One could also imagine learning rules to exploit various correlations between model's predictions. This is why I've made the aggregating model configurable rather than force everyone to use linear aggregators.

Sunday, October 5, 2014

Beginner Advice on Learning to Implement ML Algorithms

Jason Brownlee contacted me recently to ask if I could give my advice/opinion on a few questions (prompted by a post of mine on reddit). I'll be answering them here. He also asked about some optimization tricks which I'll answer in a later post.

How can you implement algorithms from scratch to learn ML?


The short, if unsatisfying, answer is practice. When you read a new algorithm or paper, there will be a lot of assumed knowledge. The authors have only a handful of pages to convey a new concept to the reader, so its up to you to read all their references and learn the field well enough that you can read in-between the lines, learn the tricks, and translate higher level papers to lower level code. Some of this will be a bit circular in logic, but the truth is practice is an iterative process. You have to go through everything in cycles and ‘bootstrap’ yourself up from confusion to understanding. The beginning may not be the hardest part, depending on what kind of methods you are interested in, but it will be the most discouraging period. That said, here are the “steps” I generally follow when implementing (or trying) a new algorithm.

1. Read the whole paper, no skimming. Then wait. There is little reason to believe you will grasp everything at first, and re-reading over and over immediately is just going to fatigue you and desensitize you to the words. You need time to let the paper sink in, think about how it relates to other algorithms and ideas, try to build mental model of everything that is happening. Then you go back and re-read the paper, enhance your understanding, and repeat until you reach diminishing returns.

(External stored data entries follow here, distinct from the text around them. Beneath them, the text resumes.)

(* Let $n\ge2$, $A\in\mathbb{R}^{n\times m}$, $B\in\mathbb{R}^{m\times n}$, and let $C$ be a cycle in the DSR$^{[2]}$ graph $G^{[2]}_{A,B}$. Then $C$ is direct if it has an even number of inversions, and twisted otherwise.
   Context: DSR graphs: for $A\in\mathbb{R}^{n\times m}$, $B\in\mathbb{R}^{m\times n}$, $G_{A,B}$ is the signed bipartite digraph with S-vertices $S_1,\dots,S_n$ and R-vertices $R_1,\dots,R_m$, an arc $R_j\to S_i$ of sign $\mathrm{sign}(A_{ij})$ iff $A_{ij}\ne0$, an arc $S_i\to R_j$ of sign $\mathrm{sign}(B_{ji})$ iff $B_{ji}\ne0$, with antiparallel arcs of equal sign merged into an undirected edge. Walks traverse edges consistently with orientation; a cycle is a nonempty closed walk with no repeated vertex except first$=$last. DSR$^{[2]}$ graph: $\overline{\mathbf L}^A\in\mathbb{R}^{\binom n2\times mn}$ has rows indexed by $(i,j)$, $i<j$, columns by $(k,l)$, $1\le k\le m$, $1\le l\le n$, with entries $A_{jk}$ if $l=i$, $-A_{ik}$ if $l=j$, $0$ otherwise; $\underline{\mathbf L}^B\in\mathbb{R}^{mn\times\binom n2}$ has $(k,l),(i,j)$ entry $B_{kj}$ if $l=i$, $-B_{ki}$ if $l=j$, $0$ otherwise. $G^{[2]}_{A,B}:=G_{\overline{\mathbf L}^A,\underline{\mathbf L}^B}$, with S-vertices written $ij=ji$ and R-vertices $k^l$; an edge $(ij,k^l)$ exists only if $l\in\{i,j\}$. The projection $\pi$ sends an edge $(ij,k^j)$ of $G^{[2]}_{A,B}$ to the edge $(S_i,R_k)$ of $G_{A,B}$. Direct/twisted: let $C$ be a cycle of $G^{[2]}_{A,B}$ with S-vertex sequence $a_1b_1,a_2b_2,\dots,a_{T+1}b_{T+1}=a_1b_1$, and write the segment of $C$ from $a_rb_r$ to $a_{r+1}b_{r+1}$ as $(a_rb_r,k^l,a_{r+1}b_{r+1})$ with $l$ the common index; its projection is a length-2 walk in $G_{A,B}$ from $S_x$ to $S_y$, where $x$ is the element of $\{a_r,b_r\}$ other than $l$ and $y$ the element of $\{a_{r+1},b_{r+1}\}$ other than $l$. Starting from the two empty walks at $S_{a_1}$ and $S_{b_1}$, for $r=1,\dots,T$ append this projected segment to whichever of the two current walks ends at $S_x$ (the two current walks always end at the two distinct vertices $S_{a_r},S_{b_r}$). The resulting walks $W',W''$ are either both closed, in which case $C$ is called direct, or one goes from $S_{a_1}$ to $S_{b_1}$ and the other back, in which case $C$ is called twisted. Inversions: two consecutive S-vertices of $C$ (including the last and first) are distinct and share exactly one index; writing them as $ij$ and $ij'$ with common index $i$, the pair is an inversion if $(i-j)(i-j')<0$. *)

From HB Require Import structures.
From mathcomp Require Import all_boot all_order all_algebra.
From mathcomp Require Import reals.
Set Implicit Arguments. Unset Strict Implicit. Unset Printing Implicit Defensive.
Import Order.TTheory GRing.Theory Num.Theory.
Local Open Scope ring_scope.
Lemma gap_model_curve t : sg * sg = 1 -> 0 < model_speed t ->
  gap_x (model_curve t) (unit_tangent model_curve t)
    = cos (P * t) * model_gap_x t - sin (P * t) * model_gap_y t /\
  gap_y (model_curve t) (unit_tangent model_curve t)
    = sin (P * t) * model_gap_x t + cos (P * t) * model_gap_y t.
Proof.
  intros Hsg HN. unfold unit_tangent. rewrite norm3_dcurve_model_curve, dcurve_model_curve by exact Hsg.
  unfold gap_x, gap_y, scal3, model_curve, model_gap_x, model_gap_y, v3x, v3y, v3z.
  cbn [fst snd]. split; field; lra.
Qed.

End ModelCurve.

Lemma sin_mul_self_pos m : Rabs m <= 1 -> m <> 0 -> 0 < sin m * m.
Proof.
  intros Hm Hn. assert (HPI := PI2_1). apply Rabs_le_between in Hm.
  destruct (Rlt_le_dec 0 m).
  - assert (0 < sin m) by (apply sin_gt_0; lra). nra.
  - assert (0 < sin (- m)) by (apply sin_gt_0; lra). rewrite sin_neg in *. nra.
Qed.

Section ModelWinding.

Variables (P Q e : R) (q : nat).
Hypothesis HP : 0 < P.
Hypothesis HQ : Q = INR q.
Hypothesis He : 0 < e <= 1.

Local Notation m := (lat Q e).
Local Notation m' := (dlat Q e).
Local Notation speed := (model_speed P Q e).
Local Notation gx := (model_gap_x P Q e).
Local Notation gy := (model_gap_y P Q e).
Hypothesis Hgap : forall t, 0 < gx t * gx t + gy t * gy t.

Lemma cos_lat_pos t : 0 < cos (m t).
Proof.
  assert (H := SIN_bound (Q * t)). assert (HPI := PI2_1).
  apply cos_gt_0; unfold lat; nra.
Qed.

Lemma model_speed_sq_pos t : 0 < m' t * m' t + P * P * (cos (m t) * cos (m t)).
Proof.
  assert (H := cos_lat_pos t). assert (0 <= m' t * m' t) by apply Rle_0_sqr.
  assert (0 < P * P * (cos (m t) * cos (m t))) by (repeat apply Rmult_lt_0_compat; lra).
  lra.
Qed.

Lemma model_speed_pos t : 0 < speed t.
Proof. apply sqrt_lt_R0, model_speed_sq_pos. Qed.

Lemma model_speed_sq t : speed t * speed t = m' t * m' t + P * P * (cos (m t) * cos (m t)).
Proof. apply sqrt_sqrt, Rlt_le, model_speed_sq_pos. Qed.

(** Where the model curve crosses the equator it does so transversally, or else its tangent
    lift would meet that of [gamma]. *)
Lemma dlat_neq_0 t : m t = 0 -> m' t <> 0.
Proof.
  intros Hm Hp. assert (H := Hgap t). assert (HN := model_speed_sq t).
  assert (HNp := model_speed_pos t).
  unfold model_gap_x, model_gap_y in H.
  rewrite Hm, Hp, cos_0, sin_0 in *.
  assert (speed t = P) as Hs by nra. rewrite Hs in H.
  replace (1 - P * 1 / P) with 0 in H by (field; lra).
  replace (- (0 * 0) / P) with 0 in H by (field; lra). lra.
Qed.

Lemma Q_pos : 0 < Q.
Proof.
  destruct (pos_INR q) as [H|H]; [rewrite HQ; exact H|]. exfalso. apply (dlat_neq_0 0).
  - unfold lat. rewrite Rmult_0_r, sin_0. ring.
  - unfold dlat. rewrite HQ, <- H. ring.
Qed.

(** The winding of the gap is computed along the chain of loops
    [w3 ~> w2 ~> w1 ~> - w1 ^ 2 ~> gap]; consecutive loops have positive inner product
    everywhere, so each angle lift is the previous one plus a periodic [arg_correction]. *)
Definition w3x t := e * sin (Q * t).
Definition w3y t := e * cos (Q * t).
Definition w2x t := m t.
Definition w2y t := m' t / P.
Definition w1x t := sin (m t).
Definition w1y t := m' t / P.
Definition w0x t := - (w1x t * w1x t - w1y t * w1y t).
Definition w0y t := - (w1x t * w1y t + w1y t * w1x t).

Definition arg_w3 t := PI / 2 - Q * t.
Definition arg_w2 t := arg_w3 t + arg_correction (w3x t) (w3y t) (w2x t) (w2y t).
Definition arg_w1 t := arg_w2 t + arg_correction (w2x t) (w2y t) (w1x t) (w1y t).
Definition arg_w0 t := arg_w1 t + arg_w1 t + PI.
Definition arg_gap t := arg_w0 t + arg_correction (w0x t) (w0y t) (gx t) (gy t).

Lemma inner_w2_w3_pos t : 0 < w2x t * w3x t + w2y t * w3y t.
Proof.
  unfold w2x, w2y, w3x, w3y, lat, dlat.
  assert (HQp := Q_pos). assert (Hs := sin_sq_add_cos_sq (Q * t)).
  set (s := sin (Q * t)) in *. set (c := cos (Q * t)) in *.
  replace (e * s * (e * s) + e * Q * c / P * (e * c)) with (e * e * (s * s + (Q / P) * (c * c)))
    by (field; lra).
  assert (0 < Q / P) by (apply Rdiv_lt_0_compat; lra).
  apply Rmult_lt_0_compat; [nra|].
  destruct (Req_dec s 0) as [H0|H0]; [rewrite H0 in *; nra|].
  assert (0 < s * s) by (apply Rsqr_pos_lt in H0; exact H0). nra.
Qed.

Lemma inner_w1_w2_pos t : 0 < w1x t * w2x t + w1y t * w2y t.
Proof.
  unfold w1x, w1y, w2x, w2y. destruct (Req_dec (m t) 0) as [H0|H0].
  - assert (Hk := dlat_neq_0 t H0). rewrite H0, sin_0.
    assert (m' t / P <> 0) by (unfold Rdiv; apply Rmult_integral_contrapositive; split; [exact Hk|apply Rinv_neq_0_compat; lra]).
    assert (0 < m' t / P * (m' t / P)) by (apply Rsqr_pos_lt; assumption). lra.
  - assert (Hb : Rabs (m t) <= 1).
    { apply Rabs_le. assert (H := SIN_bound (Q * t)). unfold lat. nra. }
    assert (H := sin_mul_self_pos _ Hb H0).
    assert (0 <= m' t / P * (m' t / P)) by apply Rle_0_sqr. lra.
Qed.

Lemma inner_gap_w0_pos t : 0 < gx t * w0x t + gy t * w0y t.
Proof.
  assert (HN := model_speed_sq t). assert (HNp := model_speed_pos t).
  assert (Hc := cos_lat_pos t). assert (Hsc := sin_sq_add_cos_sq (m t)).
  assert (Hb := Hgap t). unfold model_gap_x, model_gap_y in *. unfold w0x, w0y, w1x, w1y.
  set (N := speed t) in *. set (x := m t) in *. set (y := m' t) in *.
  set (cx := cos x) in *. set (sx := sin x) in *.
  assert (K : y * y - P * P * (sx * sx) = (N - P) * (N + P))
    by (replace (sx * sx) with (1 - cx * cx) by lra; nra).
  assert (E : (cx - P * cx / N) * - (sx * sx - y / P * (y / P))
              + - (y * sx) / N * - (sx * (y / P) + y / P * sx)
            = (cx * (N - P) * (y * y - P * P * (sx * sx)) + 2 * P * (y * sx) * (y * sx))
              / (N * P * P)) by (field; split; apply Rgt_not_eq; assumption).
  rewrite K in E.
  replace (cx * (N - P) * ((N - P) * (N + P))) with (cx * (N - P) * (N - P) * (N + P)) in E
    by ring.
  rewrite E. apply Rdiv_lt_0_compat; [|assert (0 < N * P) by nra; nra].
  assert (A1 : 0 <= cx * (N - P) * (N - P) * (N + P))
    by (assert (0 <= (N - P) * (N - P)) by apply Rle_0_sqr; assert (0 < cx * (N + P)) by nra; nra).
  assert (A2 : 0 <= 2 * P * (y * sx) * (y * sx))
    by (assert (0 <= (y * sx) * (y * sx)) by apply Rle_0_sqr; nra).
  destruct (Rlt_le_dec 0 (cx * (N - P) * (N - P) * (N + P) + 2 * P * (y * sx) * (y * sx)))
    as [H|H]; [exact H|exfalso].
  assert (Z1 : (N - P) * (N - P) = 0).
  { assert (Z : (N - P) * (N - P) * (cx * (N + P)) = 0) by lra.
    destruct (Rmult_integral _ _ Z); [assumption|nra]. }
  assert (N = P) as EN by (destruct (Rmult_integral _ _ Z1); lra).
  assert (y * sx = 0) as Eys by (assert (Z2 : (y * sx) * (y * sx) = 0) by nra;
                                 destruct (Rmult_integral _ _ Z2); lra).
  rewrite EN, Eys in Hb. replace (cx - P * cx / P) with 0 in Hb by (field; lra).
  replace (- 0 / P) with 0 in Hb by (field; lra). lra.
Qed.

Lemma is_arg_w3 t : is_arg (w3x t) (w3y t) (arg_w3 t).
Proof. exists e. unfold arg_w3, w3x, w3y. rewrite cos_shift, sin_shift. repeat split; lra. Qed.

Lemma is_arg_w2 t : is_arg (w2x t) (w2y t) (arg_w2 t).
Proof. apply is_arg_correction; [apply is_arg_w3|apply inner_w2_w3_pos]. Qed.

Lemma is_arg_w1 t : is_arg (w1x t) (w1y t) (arg_w1 t).
Proof. apply is_arg_correction; [apply is_arg_w2|apply inner_w1_w2_pos]. Qed.

Lemma is_arg_w0 t : is_arg (w0x t) (w0y t) (arg_w0 t).
Proof.
  assert (H := is_arg_rotate _ _ _ PI (is_arg_mul _ _ _ _ _ _ (is_arg_w1 t) (is_arg_w1 t))).
  rewrite cos_PI, sin_PI in H. eapply is_arg_ext; [exact H|unfold w0x; ring|unfold w0y; ring].
Qed.

Lemma is_arg_gap t : is_arg (gx t) (gy t) (arg_gap t).
Proof. apply is_arg_correction; [apply is_arg_w0|apply inner_gap_w0_pos]. Qed.

Lemma continuity_arg_gap : continuity arg_gap.
Proof.
  assert (CN : continuity speed)
    by (intro t; apply continuity_pt_sqrt'; [continuity_pt_auto|apply model_speed_sq_pos]).
  assert (CNnz : forall t, speed t <> 0) by (intro t; apply Rgt_not_eq, model_speed_pos).
  assert (Cw2y : continuity w2y)
    by (intro t; apply continuity_pt_div'; [continuity_pt_auto|apply continuity_pt_const'|lra]).
  assert (Cw1x : continuity w1x) by (intro t; continuity_pt_auto).
  assert (C2 : continuity arg_w2).
  { intro t. apply continuity_pt_plus'; [unfold arg_w3; continuity_pt_auto|].
    apply continuity_pt_arg_correction; [| | |apply Cw2y|apply inner_w2_w3_pos];
      continuity_pt_auto. }
  assert (C1 : continuity arg_w1).
  { intro t. apply continuity_pt_plus'; [apply C2|].
    apply continuity_pt_arg_correction; [continuity_pt_auto|apply Cw2y|apply Cw1x|apply Cw2y|];
      apply inner_w1_w2_pos. }
  intro t. unfold arg_gap, arg_w0.
  apply continuity_pt_plus';
    [apply continuity_pt_plus'; [apply continuity_pt_plus'; apply C1|apply continuity_pt_const']|].
  apply continuity_pt_arg_correction; [| | | |apply inner_gap_w0_pos].
  - apply continuity_pt_opp', continuity_pt_minus'; apply continuity_pt_mult';
      first [apply Cw1x|apply Cw2y].
  - apply continuity_pt_opp', continuity_pt_plus'; apply continuity_pt_mult';
      first [apply Cw1x|apply Cw2y].
  - apply continuity_pt_minus'; [continuity_pt_auto|].
    apply continuity_pt_div'; [continuity_pt_auto|apply CN|apply CNnz].
  - apply continuity_pt_div'; [continuity_pt_auto|apply CN|apply CNnz].
Qed.

Lemma arg_gap_increment : arg_gap (2 * PI) - arg_gap 0 = - (4 * PI * Q).
Proof.
  assert (Hs : sin (Q * (2 * PI)) = sin (Q * 0))
    by (rewrite HQ, Rmult_0_r, <- (sin_period 0 q); f_equal; ring).
  assert (Hc : cos (Q * (2 * PI)) = cos (Q * 0))
    by (rewrite HQ, Rmult_0_r, <- (cos_period 0 q); f_equal; ring).
  unfold arg_gap, arg_w0, arg_w1, arg_w2, arg_w3, w0x, w0y, w1x, w1y, w2x, w2y, w3x, w3y,
    model_gap_x, model_gap_y, model_speed, lat, dlat.
  rewrite Hs, Hc. ring.
Qed.

End ModelWinding.

(** * The covering map and the straight-line homotopy *)

Definition opp4 (w : V4) : V4 := let '((a, b), (c, d)) := w in ((-a, -b), (-c, -d)).

Lemma opp4_involutive w : opp4 (opp4 w) = w.
Proof. destruct w as [[a b] [c d]]. simpl. f_equal; f_equal; ring. Qed.

Lemma complex_sq_eq a b a' b' : a * a - b * b = a' * a' - b' * b' -> a * b = a' * b' ->
  (a' = a /\ b' = b) \/ (a' = -a /\ b' = -b).
Proof.
  intros H1 H2.
  assert (E : ((a' - a) * (a' - a) + (b' - b) * (b' - b)) * ((a' + a) * (a' + a) + (b' + b) * (b' + b))
              = 0) by nra.
  destruct (Rmult_integral _ _ E) as [Z|Z]; [left|right];
    destruct (sum_sq_le_0 _ _ (Req_le _ _ Z)); lra.
Qed.

(** [lmap] determines [z1^2], [z2^2] and [z1 conj z2], hence [(z1, z2)] up to a common sign. *)
Lemma lmap_fibre w w' : lmap w = lmap w' -> w' = w \/ w' = opp4 w.
Proof.
  destruct w as [[a b] [c d]]. destruct w' as [[a' b'] [c' d']]. unfold lmap, opp4.
  intros H. injection H. intros E6 E5 E4 E3 E2 E1.
  assert (G1 : a * c + b * d = a' * c' + b' * d') by lra.
  assert (G2 : b * c - a * d = b' * c' - a' * d') by lra.
  destruct (complex_sq_eq a b a' b' ltac:(lra) ltac:(lra)) as [[-> ->]|[-> ->]];
  destruct (complex_sq_eq c d c' d' ltac:(lra) ltac:(lra)) as [[-> ->]|[-> ->]];
    try (left; reflexivity); try (right; reflexivity);
  assert (Z : (a * a + b * b) * (c * c + d * d) = 0) by nra;
  destruct (Rmult_integral _ _ Z) as [Z'|Z'];
  destruct (sum_sq_le_0 _ _ (Req_le _ _ Z')); subst;
  [right|left|left|right]; f_equal; f_equal; ring.
Qed.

Obviously different algorithms require different amounts of mental effort – a few of my ‘TODO’ papers have been on my list for a few years. But not matter how I feel, or how much I want to just ‘dive in’ and start writing some code – in the end I've never regretted doing this process. Overtime, it also builds up a much deeper understanding of how different algorithms are related and that’s when you can start coming up with your own ideas.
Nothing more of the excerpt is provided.